Идеально круглая, почти оранжевая луна чуть заметно колыхалась в бездонном карьере.
Тоскливо пахло полынью, стоялой водой и кислой пороховой окалиной ржавеющей разбитой гаубицы, валяющейся в соседнем овраге. Утомленные собственным криком лягушки умолкали одна за другой в камышовом частоколе на противоположном берегу ночного карьера. Медленно, но верно, над окраиной городка опускалась ночная тишина, и лишь длинный нескладный мальчишка, свесив над обрывом босые ноги, плакал. Плакал, не переставая, громко и обиженно.
***
…Ольга, женщиной оказалось довольно вздорной и пустой, но для Александра Михайловича, чей опыт общения с противоположным полом был довольно скудным, она казалась событием необычайно великолепным, сходным разве что с поднебесными жителями, эфемерными серафимами к примеру.
Бывшего тюремного надзирателя все восхищало в этой женщине: и ее тяжелые груди с крупными сосками, и крепкие ноги с короткими пальцами, и широковатые бедра, украшенные тонкой витиеватой наколочкой, и даже глубоко утонувший пупок.

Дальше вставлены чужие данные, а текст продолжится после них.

(* In an involutive FL-algebra ~ and - are mutually inverse order-reversing
   bijections, and x <= ~y, y x <= 0 and y <= -x are equivalent; hence ~~ is an
   automorphism of the reduct without ', and so is every even power f of ~ or -.
   Since (~a)' = -(a'), such an f satisfies f(a') = ~^(2m)((f a)') exactly when
   ~^(2m) = f∘f, and f(a') = -^(2m)((f a)') exactly when -^(2m) = f∘f.
   Periodicity gives ~^(2n) = -^(2n) = id, from which these identities follow
   for the maps of the statement. Oddness of n and m only serves to make n - m
   even. *)

From Stdlib Require Import Arith PeanoNat Lia.

Section Algebra.
Context {A : Type} (O : ops A).

Lemma tneg_k_add p q a : tneg_k O (p + q) a = tneg_k O p (tneg_k O q a).
Proof. apply Nat.iter_add. Qed.

Lemma mneg_k_add p q a : mneg_k O (p + q) a = mneg_k O p (mneg_k O q a).
Proof. apply Nat.iter_add. Qed.

Record InFL_hom (f : A -> A) : Prop := {
  hom_meet : forall a b, f (meet O a b) = meet O (f a) (f b);
  hom_join : forall a b, f (join O a b) = join O (f a) (f b);
  hom_mul : forall a b, f (mul O a b) = mul O (f a) (f b);
  hom_one : f (one O) = one O;
  hom_zero : f (zero O) = zero O;
  hom_tneg : forall a, f (tneg O a) = tneg O (f a);
  hom_mneg : forall a, f (mneg O a) = mneg O (f a)
}.

Lemma InFL_hom_id : InFL_hom (fun a => a).
Proof. constructor; reflexivity. Qed.

Lemma InFL_hom_comp f g : InFL_hom f -> InFL_hom g -> InFL_hom (fun a => f (g a)).
Proof.
  intros Hf Hg; constructor; intros;
    rewrite ?(hom_meet g), ?(hom_join g), ?(hom_mul g), ?(hom_one g),
      ?(hom_zero g), ?(hom_tneg g), ?(hom_mneg g); auto;
    rewrite ?(hom_meet f), ?(hom_join f), ?(hom_mul f), ?(hom_one f),
      ?(hom_zero f), ?(hom_tneg f), ?(hom_mneg f); auto.
Qed.

Lemma InFL_hom_ext f g : (forall a, f a = g a) -> InFL_hom f -> InFL_hom g.
Proof.
  intros E Hf; constructor; intros; rewrite <- !E;
    auto using hom_meet, hom_join, hom_mul, hom_one, hom_zero, hom_tneg, hom_mneg.
Qed.

Lemma InFL_hom_inv f g :
  InFL_hom f -> (forall a, g (f a) = a) -> (forall a, f (g a) = a) -> InFL_hom g.
Proof.
  intros Hf gK fK.
  assert (f_inj : forall x y, f x = f y -> x = y).
  { intros x y Exy. rewrite <- (gK x), <- (gK y), Exy. reflexivity. }
  constructor; intros; apply f_inj;
    rewrite ?(hom_meet f), ?(hom_join f), ?(hom_mul f), ?(hom_one f),
      ?(hom_zero f), ?(hom_tneg f), ?(hom_mneg f), ?fK; auto.
Qed.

А довольно легкомысленно подбритые рыжеватые волосы паха возбуждали настолько крепкого и сильного мужика, что он иной раз разглядев их сквозь полупрозрачное белье, не выдерживал соблазна и овладевал Ольгой решительно и грубо, по-мужицки безыскусно.
Она смеялась и отбрыкивалась, но делала это настолько мило и соблазнительно, что Леклерков заводился еще больше.
Именно в такие минуты не терявшая головы женщина умудрялась вытянуть из мужика любое обещание, любую клятву.
Именно после таких вспышек страсти Ольгин гардероб незаметно обогатился довольно дорогой шубкой из серебристо-голубой шиншиллы и богатой высокой лисьей шапкой, импортными сапожками на тонюсеньких каблучках.
Деньги, накопленные за годы службы в «Черном дельфине», довольно быстро иссякли, и чтобы купить Ольге импортную дубленку «мраморной» выделки, Александр продал свой пистолет, невесть каким образом добытый им в Соль-Илецке.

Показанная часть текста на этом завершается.